-- Exercise input follows --

Lemma yform_upper_bound : yform tau alpha b B delta eps I <= k2 * eform eps I.
Proof.
  set (E := eform eps I).
  pose proof (wx2_ge0 rel). pose proof (vx2_ge0 rel). pose proof (vxx2_ge0 rel).
  pose proof (ux2_ge0 rel). pose proof (uxx2_ge0 rel). pose proof (uxxx2_ge0 rel).
  pose proof (g_vxx2_bounds rel). pose proof (g_uxx2_bounds rel).
  pose proof (g_uxxx2_bounds rel).
  assert (0 <= eps * uxxx2 I) by nra.
  assert (wx_E : wx2 I <= E) by (unfold E, eform; lra).
  assert (vxx_E : vxx2 I <= E) by (unfold E, eform; lra).
  assert (uxx_E : uxx2 I <= E) by (unfold E, eform; lra).
  assert (uxxx_E : eps * uxxx2 I <= E) by (unfold E, eform; lra).
  assert (E_ge0 : 0 <= E) by lra.
  assert (g_vxx_E : g_vxx2 I <= gS * E) by nra.
  assert (g_uxx_E : g_uxx2 I <= gS * E) by nra.
  assert (g_uxxx_E : eps * g_uxxx2 I <= gS * E) by nra.
  assert (vx_E : vx2 I <= P * E) by (pose proof (poincare_vx rel); nra).
  assert (ux_E : ux2 I <= P * E) by (pose proof (poincare_ux rel); nra).
  assert (uxx_vxx_E := young_bound_upper _ _ _ (young_uxx_vxx rel)).
  assert (vx_wx_E := young_bound_upper _ _ _ (young_vx_wx rel)).
  assert (ux_wx_E := young_bound_upper _ _ _ (young_ux_wx rel)).
  assert (ux_vx_E := young_bound_upper _ _ _ (young_ux_vx rel)).
  assert (d1 := delta1_pos).
  assert (wx_term : tau / 2 * wx2 I <= tau / 2 * E) by (apply Rmult_le_compat_coef; lra).
  assert (g_vxx_term : b / 2 * g_vxx2 I <= b / 2 * (gS * E)) by (apply Rmult_le_compat_coef; nra).
  assert (g_uxx_term : (B + b * delta) / 2 * g_uxx2 I <= (B + b * delta1) / 2 * (gS * E))
    by (apply Rmult_le_compat_coef; nra).
  assert (vx_term : (alpha * B - tau * delta) / 2 * vx2 I <= alpha * B / 2 * (P * E)).
  { assert (0 <= tau * delta * vx2 I) by (apply Rmult_le_pos; nra).
    apply Rle_trans with (alpha * B / 2 * vx2 I); [lra |].
    apply Rmult_le_compat_coef; nra. }
  assert (vxx_term : (1 + tau) * B * eps / 2 * vxx2 I <= (1 + tau) * B / 2 * E)
    by (assert (0 < (1 + tau) * B) by nra; apply Rmult_le_compat_coef; try split; nra).
  assert (vx_wx_term : tau * B * vx_wx I <= tau * B * ((P + 1) / 2 * E))
    by (apply Rmult_le_compat_coef; nra).
  assert (ux_wx_term : tau * delta * ux_wx I <= tau * delta1 * ((P + 1) / 2 * E))
    by (apply Rmult_le_compat_coef; try split; nra).
  assert (ux_vx_term : alpha * delta * ux_vx I <= alpha * delta1 * (P * E))
    by (apply Rmult_le_compat_coef; try split; nra).
  unfold yform, k2. fold E. lra.
Qed.

End Bounds.

End Coercivity.

Lemma smooth2_near_continuous_slice (S : R -> R -> Prop) (f : R -> R -> R) (l : list bool)
  (x t : R) : smooth2_near S f -> S x t -> continuous (fun y => pd l f y t) x.
Proof.
  intros f_smooth Sxt. destruct (f_smooth x t Sxt) as [r [r_gt0 near]].
  assert (at_center : Rabs (x - x) < r /\ Rabs (t - t) < r)
    by (rewrite !Rminus_diag, Rabs_R0; lra).
  destruct (near x t (proj1 at_center) (proj2 at_center) l) as [_ [_ f_cont]].
  apply (continuous_comp_2 (fun y => y) (fun _ => t) (pd l f) x);
    [apply continuous_id | apply continuous_const | exact f_cont].
Qed.

Lemma smooth2_near_is_derive_slice (S : R -> R -> Prop) (f : R -> R -> R) (l : list bool)
  (x t : R) : smooth2_near S f -> S x t ->
  is_derive (fun y => pd l f y t) x (pd (true :: l) f x t).
Proof.
  intros f_smooth Sxt. destruct (f_smooth x t Sxt) as [r [r_gt0 near]].
  assert (at_center : Rabs (x - x) < r /\ Rabs (t - t) < r)
    by (rewrite !Rminus_diag, Rabs_R0; lra).
  destruct (near x t (proj1 at_center) (proj2 at_center) l) as [f_der _].
  exact (Derive_correct _ _ f_der).
Qed.

Lemma admissible_gamma_continuous (g : R -> R) (s : R) :
  admissible_gamma g -> 0 <= s -> continuous g s.
Proof.
  intros [g_smooth _] s_ge0. destruct (g_smooth s s_ge0) as [r [r_gt0 near]].
  apply (ex_derive_continuous (K := R_AbsRing) (V := R_NormedModule)).
  apply (near s ltac:(rewrite Rminus_diag, Rabs_R0; lra) 1%nat).
Qed.

Definition slice_energies_at (a0 a1 : R) (g : R -> R) (w v u Th : R -> R -> R) (t : R)
  : slice_energies :=
  let G x := g (Th x t) in
  {| wx2 := RInt (fun x => dx w x t ^ 2) a0 a1;
     vx2 := RInt (fun x => dx v x t ^ 2) a0 a1;
     vxx2 := RInt (fun x => dx (dx v) x t ^ 2) a0 a1;
     ux2 := RInt (fun x => dx u x t ^ 2) a0 a1;
     uxx2 := RInt (fun x => dx (dx u) x t ^ 2) a0 a1;
     uxxx2 := RInt (fun x => dx (dx (dx u)) x t ^ 2) a0 a1;
     g_vxx2 := RInt (fun x => G x * dx (dx v) x t ^ 2) a0 a1;
     g_uxx2 := RInt (fun x => G x * dx (dx u) x t ^ 2) a0 a1;
     g_uxxx2 := RInt (fun x => G x * dx (dx (dx u)) x t ^ 2) a0 a1;
     g_uxx_vxx := RInt (fun x => G x * dx (dx u) x t * dx (dx v) x t) a0 a1;
     vx_wx := RInt (fun x => dx v x t * dx w x t) a0 a1;
     ux_wx := RInt (fun x => dx u x t * dx w x t) a0 a1;
     ux_vx := RInt (fun x => dx u x t * dx v x t) a0 a1 |}.

Lemma yfun_eq_yform (a0 a1 tau alpha b eps B delta : R) (g : R -> R) (w v u Th : R -> R -> R)
  (t : R) : yfun a0 a1 tau alpha b eps B delta g w v u Th t
            = yform tau alpha b B delta eps (slice_energies_at a0 a1 g w v u Th t).
Proof. reflexivity. Qed.

Lemma Efun_eq_eform (a0 a1 eps : R) (g : R -> R) (w v u Th : R -> R -> R) (t : R) :
  Efun a0 a1 eps w v u t = eform eps (slice_energies_at a0 a1 g w v u Th t).
Proof. reflexivity. Qed.

Lemma slice_energy_relations (S : R -> R -> Prop) (a0 a1 gs gS : R) (g : R -> R)
  (w v u Th : R -> R -> R) (t : R) :
  a0 < a1 -> (forall x, a0 <= x <= a1 -> S x t) ->
  smooth2_near S w -> smooth2_near S v -> smooth2_near S u -> smooth2_near S Th ->
  admissible_gamma g -> (forall x, a0 <= x <= a1 -> 0 <= Th x t) ->
  (forall x, a0 < x < a1 -> gs <= g (Th x t) <= gS) ->
  dx v a0 t = 0 -> dx u a0 t = 0 ->
  energy_relations gs gS (4 * (a1 - a0) ^ 2) (slice_energies_at a0 a1 g w v u Th t).
Proof.
  intros a01 S_slice w_smooth v_smooth u_smooth Th_smooth g_adm Th_ge0 G_bounds vx_a0 ux_a0.
  assert (slice : forall f l, smooth2_near S f -> continuous_Icc a0 a1 (fun y => pd l f y t))
    by (intros f l f_smooth x x_a01; apply (smooth2_near_continuous_slice S); auto).
  assert (W := slice w (true :: nil) w_smooth).
  assert (V1 := slice v (true :: nil) v_smooth).
  assert (V2 := slice v (true :: true :: nil) v_smooth).
  assert (U1 := slice u (true :: nil) u_smooth).
  assert (U2 := slice u (true :: true :: nil) u_smooth).
  assert (U3 := slice u (true :: true :: true :: nil) u_smooth).
  simpl in W, V1, V2, U1, U2, U3.
  assert (G : continuous_Icc a0 a1 (fun x => g (Th x t))).
  { intros x x_a01. apply (continuous_comp (fun y => Th y t) g).
    - exact (slice Th nil Th_smooth x x_a01).
    - apply admissible_gamma_continuous; auto. }
  assert (G_ge0 : forall x, a0 < x < a1 -> 0 <= g (Th x t))
    by (intros x x_a01; apply (proj2 g_adm), Th_ge0; lra).
  assert (sq : forall f, continuous_Icc a0 a1 f -> ex_RInt (fun x => f x ^ 2) a0 a1)
    by (intros; apply ex_RInt_continuous_Icc, continuous_Icc_sq; auto).
  assert (weighted_sq : forall f, continuous_Icc a0 a1 f ->
            ex_RInt (fun x => g (Th x t) * f x ^ 2) a0 a1)
    by (intros; apply ex_RInt_continuous_Icc, continuous_Icc_mult, continuous_Icc_sq; auto).
  assert (poincare : forall f, smooth2_near S f -> dx f a0 t = 0 ->
            RInt (fun x => dx f x t ^ 2) a0 a1
            <= 4 * (a1 - a0) ^ 2 * RInt (fun x => dx (dx f) x t ^ 2) a0 a1).
  { intros f f_smooth f_a0. apply RInt_sq_le_poincare; auto.
    - intros x x_a01. exact (smooth2_near_is_derive_slice S f (true :: nil) x t f_smooth
                               (S_slice x x_a01)).
    - exact (slice f (true :: true :: nil) f_smooth). }
  split; simpl.
  1-6: apply RInt_sq_ge0, sq; assumption.
  1-3: apply RInt_weighted_sq_bounds;
    [assumption | apply weighted_sq; assumption | apply sq; assumption | exact G_bounds].
  - intros s s_gt0. apply RInt_young_weighted; assumption.
  1-3: intros s s_gt0; apply RInt_young; assumption.
  1-2: apply poincare; assumption.
Qed.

-- Exercise input concluded --

## Your assignment
Each line of the entries above that contains "Lemma" must be copied into the answer.

## Written reply
Lemma yform_upper_bound : yform tau alpha b B delta eps I <= k2 * eform eps I.
Lemma smooth2_near_continuous_slice (S : R -> R -> Prop) (f : R -> R -> R) (l : list bool)
Lemma smooth2_near_is_derive_slice (S : R -> R -> Prop) (f : R -> R -> R) (l : list bool)
Lemma admissible_gamma_continuous (g : R -> R) (s : R) :
Lemma yfun_eq_yform (a0 a1 tau alpha b eps B delta : R) (g : R -> R) (w v u Th : R -> R -> R)
Lemma Efun_eq_eform (a0 a1 eps : R) (g : R -> R) (w v u Th : R -> R -> R) (t : R) :
Lemma slice_energy_relations (S : R -> R -> Prop) (a0 a1 gs gS : R) (g : R -> R)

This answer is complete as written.